## TASK DESCRIPTION:
Return the lines below exactly as they appear, please, starting with the first and ending with the one that contains "split; apply: (mulfI three_neq0).".

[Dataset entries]
Lemma unitary_circulant_eigen A B C :
  unitary_circulant A B C <->
  [/\ unimodular (circ_eigen A B C 1), unimodular (circ_eigen A B C w)
    & unimodular (circ_eigen A B C (w ^+ 2))].
Proof.
have normE k := @circ_eigen_mulJ A B C _ (cube_root_powX k) (cube_root_powJ k).
have := normE 0; have := normE 1; have := normE 2; rewrite expr0 expr1 => E2 E1 E0.
rewrite /unimodular E0 E1 E2 /unitary_circulant.
set s := circ_sqsum A B C; set t := circ_cross A B C.
split=> [[-> ->] | [h1 hw hw2]]; first by rewrite rmorph0 !mulr0 !addr0.
have w2 := cube_root_sqr.
(* The three identities are a discrete Fourier transform in [(s, t, conjc t)]. *)
split; apply: (mulfI three_neq0).
  transitivity ((s + 1 * t + 1 ^+ 2 * conjc t) + (s + w * t + w ^+ 2 * conjc t)
    + (s + w ^+ 2 * t + (w ^+ 2) ^+ 2 * conjc t)); first by ring: w2.
  by rewrite h1 hw hw2; ring.
transitivity ((s + 1 * t + 1 ^+ 2 * conjc t) + w ^+ 2 * (s + w * t + w ^+ 2 * conjc t)
  + w * (s + w ^+ 2 * t + (w ^+ 2) ^+ 2 * conjc t)); first by ring: w2.
by rewrite h1 hw hw2 mulr0 !mulr1; ring: w2.
Qed.

Lemma unitary_circulant_param A B C :
  unitary_circulant A B C <->
  exists c e1 e2 : CC,
    [/\ unimodular c, unimodular e1, unimodular e2 &
     [/\ A = c * (third * (1 + e1 + e2)),
          B = c * (third * (1 + w * e1 + w ^+ 2 * e2)) &
          C = c * (third * (1 + w ^+ 2 * e1 + w * e2))]].
Proof.
have w2 := cube_root_sqr.
rewrite unitary_circulant_eigen /unimodular.
split=> [[h1 hw hw2] | [c [e1 [e2 [hc h1 h2 [hA hB hC]]]]]].
  have [eA eB eC] : [/\ 3 * A = circ_eigen A B C 1 + circ_eigen A B C w
                                 + circ_eigen A B C (w ^+ 2),
      3 * B = circ_eigen A B C 1 + w ^+ 2 * circ_eigen A B C w
              + w * circ_eigen A B C (w ^+ 2)
    & 3 * C = circ_eigen A B C 1 + w * circ_eigen A B C w
              + w ^+ 2 * circ_eigen A B C (w ^+ 2)].
    by split; rewrite /circ_eigen; ring: w2.
  move: (circ_eigen A B C 1) (circ_eigen A B C w) (circ_eigen A B C (w ^+ 2))
    eA eB eC h1 hw hw2 => L1 Lw Lw2 eA eB eC h1 hw hw2.
  exists L1, (Lw2 * conjc L1), (Lw * conjc L1).
  split; rewrite ?conjcM ?conjcK; try by ring: h1 hw hw2.
  by split; [rewrite -[A]thirdK eA | rewrite -[B]thirdK eB | rewrite -[C]thirdK eC];
    ring: h1.
have [-> -> ->] : [/\ circ_eigen A B C 1 = c, circ_eigen A B C w = c * e2
                    & circ_eigen A B C (w ^+ 2) = c * e1].
  by rewrite /circ_eigen hA hB hC /third; split; field: w2.
by rewrite !conjcM; split; ring: hc h1 h2.
Qed.

Lemma circ_isometry_unitary A B C :
  (forall u0 u1 u2 : CC, sqn (A * u0 + B * u1 + C * u2) + sqn (A * u1 + B * u2 + C * u0)
     + sqn (A * u2 + B * u0 + C * u1) = sqn u0 + sqn u1 + sqn u2) ->
  unitary_circulant A B C.
Proof.
move=> iso; have eigen_sqn v : v ^+ 3 = 1 -> sqn (circ_eigen A B C v) = 1.
  move=> v3; have := iso 1 v (v ^+ 2).
  have -> : A * 1 + B * v + C * v ^+ 2 = circ_eigen A B C v * 1 by rewrite /circ_eigen; ring.
  have -> : A * v + B * v ^+ 2 + C * 1 = circ_eigen A B C v * v.
    by rewrite /circ_eigen; ring: v3.
  have -> : A * v ^+ 2 + B * 1 + C * v = circ_eigen A B C v * v ^+ 2.
    by rewrite /circ_eigen; ring: v3.
  have := sqn_ge0 v; have := sqn_ge0 (v ^+ 2); rewrite !sqnM sqn1; nra.
apply/unitary_circulant_eigen; split; apply/sqn_eq1/eigen_sqn.
- exact: expr1n.
- exact: cube_root_exp3.
- exact: cube_root_powX.
Qed.

End CubeRootOfUnity.

Lemma expiD (s t : RR) : expi (s + t) = expi s * expi t.
Proof.
rewrite /expi cosD sinD; apply/eqP; rewrite eq_complex /=.
by apply/andP; split; apply/eqP; ring.
Qed.

Lemma expiN (t : RR) : expi (- t) = conjc (expi t).
Proof. by rewrite /expi cosN sinN. Qed.

Lemma expi0 : expi 0 = 1.
Proof. by rewrite /expi cos0 sin0. Qed.

Lemma sqn_expi (t : RR) : sqn (expi t) = 1.
Proof. exact: cos2Dsin2. Qed.

Lemma expi_pi : expi pi = -1.
Proof. by rewrite /expi cospi sinpi; apply/eqP; rewrite eq_complex /= oppr0 !eqxx. Qed.

Lemma expi_onto (e : CC) : sqn e = 1 -> exists t : RR, expi t = e.
Proof.
case: e => a b; rewrite /sqn /= => hab.
have a_itv : a \in `[-1, 1] by rewrite in_itv /=; apply/andP; split; nra.
have sin_acos : sin (acos a) = `|b|.
  by rewrite sin_acos // -sqrtr_sqr; congr Num.sqrt; lra.
case: (lerP 0 b) => b0.
  by exists (acos a); rewrite /expi acosK // sin_acos ger0_norm.
by exists (- acos a); rewrite /expi cosN sinN acosK // sin_acos ltr0_norm // opprK.
Qed.

Definition omega : CC := expi (2 * pi / 3).

Lemma omega_exp3 : omega ^+ 3 = 1.
Proof.
rewrite /omega !exprS expr0 mulr1 -!expiD.
have -> : 2 * pi / 3 + (2 * pi / 3 + 2 * pi / 3) = pi *+ 2 :> RR by rewrite mulr2n; field.
by rewrite /expi cos2pi sin2pi.
Qed.

Lemma omega_neq1 : omega != 1.
Proof.
apply/eqP => /(congr1 (@complex.Im RR)) /=.
have : 0 < sin (2 * pi / 3 : RR).
  by apply: sin_gt0_pi; have := @pi_gt0 RR; rewrite !ltr_pdivrMr //; lra.
by move=> /gt_eqF /eqP.
Qed.

Lemma omega_sum : 1 + omega + omega ^+ 2 = 0.
Proof.
have : (omega - 1) * (1 + omega + omega ^+ 2) = 0.
  by transitivity (omega ^+ 3 - 1); [ring | rewrite omega_exp3 subrr].
by move/eqP; rewrite mulf_eq0 subr_eq0 (negbTE omega_neq1) => /eqP.
Qed.

Lemma omega_conj : conjc omega = omega ^+ 2.
Proof.
have h : omega * conjc omega = 1 by apply/sqn_eq1/sqn_expi.
by rewrite -[LHS]mul1r -omega_exp3; ring: h.
Qed.

Lemma unitary_circulant_expi Wx Wy Wz :
  unitary_circulant Wx Wy Wz <->
  exists (c : CC) (phi1 phi2 : RR), sqn c = 1 /\
    Wx = c * Wx_form phi1 phi2 /\ Wy = c * Wy_form phi1 phi2 /\ Wz = c * Wz_form phi1 phi2.
Proof.
rewrite (unitary_circulant_param omega_sum omega_conj).
rewrite /Wx_form /Wy_form /Wz_form -/omega expiN -/omega omega_conj.
split=> [[c [e1 [e2 [/sqn_eq1 hc /sqn_eq1/expi_onto[p1 <-] /sqn_eq1/expi_onto[p2 <-]]]]]|].
  by move=> [-> -> ->]; exists c, p1, p2.
move=> [c [p1 [p2 [hc [-> [-> ->]]]]]].
by exists c, (expi p1), (expi p2); split; try apply/sqn_eq1; rewrite ?sqn_expi.
Qed.

Section ExtendedSums.
Local Open Scope ereal_scope.

Lemma adde3_inj (x y : \bar RR) : 0 <= x -> 0 <= y -> x + x + x = y + y + y -> x = y.
Proof.
case: x => [x| |]; case: y => [y| |] //= _ _.
by rewrite -!EFinD => -[] h; congr EFin; lra.
Qed.

Lemma esum_dirac {T : choiceType} (t : T) (v : \bar RR) : 0 <= v ->
  \esum_(k in [set: T]) (if k == t then v else 0) = v.
Proof.
move=> v0; transitivity (\esum_(k in [set t]) v); last exact: esum_set1.
rewrite [RHS]esum_mkcond; apply: eq_esum => k _ /=.
by case: (eqVneq k t) => [->|kt]; [rewrite mem_set | rewrite memNset //; apply/eqP].
Qed.

Lemma esum_three_points {T : choiceType} (F : T -> \bar RR) (t0 t1 t2 : T) :
  t0 != t1 -> t0 != t2 -> t1 != t2 -> (forall k, 0 <= F k) ->
  (forall k, k != t0 -> k != t1 -> k != t2 -> F k = 0) ->
  \esum_(k in [set: T]) F k = F t0 + F t1 + F t2.
Proof.
move=> t01 t02 t12 F_ge0 F_out.
have dirac_ge0 t k : 0 <= (if k == t then F t else 0) by case: ifP.
rewrite -(esum_dirac t0 _ (F_ge0 t0)) -(esum_dirac t1 _ (F_ge0 t1)).
rewrite -(esum_dirac t2 _ (F_ge0 t2)) -!esumD //; last by move=> k _; rewrite adde_ge0.
apply: eq_esum => k _.
case: (eqVneq k t0) => [->|k0]; first by rewrite (negbTE t01) (negbTE t02) !adde0.
case: (eqVneq k t1) => [->|k1]; first by rewrite (negbTE t12) add0e adde0.
case: (eqVneq k t2) => [->|k2]; first by rewrite !add0e.
by rewrite F_out // !adde0.
Qed.
Lemma vertical_run_covers l : forall p b,
  rpath p (b :: l) -> tight p (b :: l) -> ncorners p (b :: l) = 0%nat -> vstep p b ->
  fst (rend b l) = fst p /\
  forall z, fst z = fst p -> between (snd p) (snd z) (snd (rend b l)) ->
    on_path p (b :: l) z.
Proof.
  induction l as [|c l IH]; intros p b Hr Ht Hn [Hpb Hpb'].
  - split; [symmetry; exact Hpb|]; intros z Hz Hb.
    left; apply seg_pts_vertical; auto.
  - destruct (tight_cons _ _ _ Ht) as [Ht' [_ By]].
    destruct Hr as [_ [[Hbc|Hbc] Hr]].
    + rewrite ncorners_turn in Hn by (right; split; [split|]; assumption); discriminate.
    + rewrite ncorners_straight in Hn by (right; split; [split|]; assumption).
      destruct (IH b c (conj (or_intror Hbc) Hr) Ht' Hn Hbc) as [Hx Hcov].
      rewrite rend_cons in *; split; [congruence|]; intros z Hz Hb.
      destruct (between_split _ _ _ _ By Hb).
      * left; apply seg_pts_vertical; auto.
      * right; apply Hcov; [congruence|assumption].
Qed.

Lemma horizontal_start_covers_hv_L l : forall p b,
  rpath p (b :: l) -> tight p (b :: l) -> (ncorners p (b :: l) <= 1)%nat -> hstep p b ->
  forall z, hv_L p (rend b l) z -> on_path p (b :: l) z.
Proof.
  induction l as [|c l IH]; intros p b Hr Ht Hn [Hpb Hpb'] z Hz.
  - destruct Hz as [[Hz Hb]|[Hz Hb]].
    + left; apply seg_pts_horizontal; auto.
    + right; apply injective_projections; [exact Hz|].
      unfold between in Hb; simpl in Hb; lra.
  - destruct (tight_cons _ _ _ Ht) as [Ht' [Bx _]].
    rewrite rend_cons in Bx, Hz; destruct Hr as [_ [[Hbc|Hbc] Hr]].
    + rewrite ncorners_straight in Hn by (left; split; [split|]; assumption).
      pose proof (IH b c (conj (or_introl Hbc) Hr) Ht' Hn Hbc) as Hcov.
      destruct Hz as [[Hz Hb]|[Hz Hb]].
      * destruct (between_split _ _ _ _ Bx Hb).
        -- left; apply seg_pts_horizontal; auto.
        -- right; apply Hcov; left; split; [congruence|assumption].
      * right; apply Hcov; right; split; [assumption|congruence].
    + rewrite ncorners_turn in Hn by (left; split; [split|]; assumption).
      destruct (vertical_run_covers l b c (conj (or_intror Hbc) Hr) Ht' ltac:(lia) Hbc)
        as [Hx Hcov].
      destruct Hz as [[Hz Hb]|[Hz Hb]].
      * left; apply seg_pts_horizontal; [assumption|split; [assumption|congruence]].
      * right; apply Hcov; [congruence|rewrite <- Hpb; assumption].
Qed.

Lemma tight_path_covers_L p l : rpath p l -> tight p l -> (ncorners p l <= 1)%nat ->
  (forall z, hv_L p (rend p l) z -> on_path p l z) \/
  (forall z, vh_L p (rend p l) z -> on_path p l z).
Proof.
  destruct l as [|b l]; intros Hr Ht Hn.
  - left; intros z [[Hz Hb]|[Hz Hb]]; apply injective_projections;
      unfold between in Hb; simpl in *; lra.
  - rewrite rend_cons; destruct (proj1 Hr) as [Hpb|Hpb].
    + left; apply horizontal_start_covers_hv_L; assumption.
    + right; intros z Hz; apply on_path_swap.
      pose proof (proj2 (rpath_swap p (b :: l)) Hr) as Hr'.
      pose proof (proj2 (tight_swap p (b :: l)) Ht) as Ht'.
      pose proof (ncorners_swap p (b :: l) Hr) as Hn'.
      pose proof (rend_swap p (b :: l)) as He.
      rewrite rend_cons in He; simpl map in *.
      apply horizontal_start_covers_hv_L; [assumption|assumption|lia|assumption|].
      rewrite <- rend_cons with (p := swap p), He; exact Hz.
Qed.

Lemma hv_L_tight_path p q : exists l, rpath p l /\ rend p l = q /\ tight p l /\
  (ncorners p l <= 1)%nat /\ forall z, on_path p l z -> hv_L p q z.
Proof.
  destruct p as [px py], q as [qx qy].
  destruct (Req_EM_T px qx) as [Ex|Ex], (Req_EM_T py qy) as [Ey|Ey]; subst.
  - refine (ex_intro _ [] (conj I (conj eq_refl (conj _ (conj _ _))))).
    + unfold tight; simpl; rewrite l1dist_refl; reflexivity.
    + simpl; lia.
    + intros z ->; left; split; [reflexivity|]; unfold between; lra.
  - refine (ex_intro _ [(qx, qy)] (conj _ (conj eq_refl (conj _ (conj _ _))))).
    + split; [right; split|]; simpl; auto.
    + unfold tight; simpl; ring.
    + simpl; lia.
    + intros z [Hz| ->]; [apply seg_pts_vertical in Hz; [|reflexivity]|];
        right; simpl in *; unfold between in *; intuition lra.
  - refine (ex_intro _ [(qx, qy)] (conj _ (conj eq_refl (conj _ (conj _ _))))).
    + split; [left; split|]; simpl; auto.
    + unfold tight; simpl; ring.
    + simpl; lia.
    + intros z [Hz| ->]; [apply seg_pts_horizontal in Hz; [|reflexivity]|];
        left; simpl in *; unfold between in *; intuition lra.
  - refine (ex_intro _ [(qx, py); (qx, qy)]
      (conj _ (conj eq_refl (conj _ (conj _ _))))).
    + split; [left; split|split; [right; split|]]; simpl; auto.
    + unfold tight; simpl; unfold l1dist; simpl; rewrite !Rminus_diag, Rabs_R0; ring.
    + rewrite ncorners_turn; [simpl; lia|left; split; split; simpl; auto].
    + intros z [Hz|[Hz| ->]];
        [apply seg_pts_horizontal in Hz; [left|reflexivity]
        |apply seg_pts_vertical in Hz; [right|reflexivity]|right];
        simpl in *; unfold between in *; intuition lra.
Qed.

Lemma shortest_rpath_iff p q l :
  shortest_rpath p q l <-> rpath p l /\ rend p l = q /\ tight p l.
Proof.
  split.
  - intros (Hr & He & Hmin); split; [assumption|split; [assumption|]].
    destruct (hv_L_tight_path p q) as (l' & Hr' & He' & Ht' & _).
    pose proof (Hmin l' Hr' He'); pose proof (l1dist_rend_le_plen p l).
    unfold tight in *; rewrite He, He' in *; lra.
  - intros (Hr & He & Ht); split; [assumption|split; [assumption|]].
    intros l' _ He'; pose proof (l1dist_rend_le_plen p l').
    unfold tight in Ht; rewrite Ht, He, <- He'; assumption.
Qed.

Lemma short1_swap p q l : short1 (swap p) (swap q) (map swap l) <-> short1 p q l.
Proof.
  unfold short1; rewrite !shortest_rpath_iff, rpath_swap, tight_swap, rend_swap.
  split; intros ((Hr & He & Ht) & Hn); rewrite ?ncorners_swap in * by assumption;
    (split; [split; [assumption|split; [|assumption]]|assumption]).
  - apply swap_inj; assumption.
  - rewrite He; reflexivity.
Qed.

Lemma short1_covers_L p q l : short1 p q l ->
  (forall z, hv_L p q z -> on_path p l z) \/ (forall z, vh_L p q z -> on_path p l z).
Proof.
  intros [Hs Hn]; apply shortest_rpath_iff in Hs as (Hr & He & Ht).
  rewrite <- He; apply tight_path_covers_L; assumption.
Qed.

Lemma hv_L_short1 p q : exists l, short1 p q l /\ forall z, on_path p l z -> hv_L p q z.
Proof.
  destruct (hv_L_tight_path p q) as (l & Hr & He & Ht & Hn & Hon).
  exists l; split; [split; [apply shortest_rpath_iff|]|]; auto.
Qed.

Lemma vh_L_short1 p q : exists l, short1 p q l /\ forall z, on_path p l z -> vh_L p q z.
Proof.
  destruct (hv_L_short1 (swap p) (swap q)) as (l & Hs & Hon).
  exists (map swap l); split.
  - apply short1_swap in Hs; rewrite !swap_involutive in Hs; exact Hs.
  - intros z Hz; apply Hon, on_path_swap; rewrite !swap_involutive; exact Hz.
Qed.

Definition open_unit_square (z : pt) : Prop := 0 < fst z < 1 /\ 0 < snd z < 1.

## RESPONSE TO THE TASK:
Lemma unitary_circulant_eigen A B C :
  unitary_circulant A B C <->
  [/\ unimodular (circ_eigen A B C 1), unimodular (circ_eigen A B C w)
    & unimodular (circ_eigen A B C (w ^+ 2))].
Proof.
have normE k := @circ_eigen_mulJ A B C _ (cube_root_powX k) (cube_root_powJ k).
have := normE 0; have := normE 1; have := normE 2; rewrite expr0 expr1 => E2 E1 E0.
rewrite /unimodular E0 E1 E2 /unitary_circulant.
set s := circ_sqsum A B C; set t := circ_cross A B C.
split=> [[-> ->] | [h1 hw hw2]]; first by rewrite rmorph0 !mulr0 !addr0.
have w2 := cube_root_sqr.
(* The three identities are a discrete Fourier transform in [(s, t, conjc t)]. *)
split; apply: (mulfI three_neq0).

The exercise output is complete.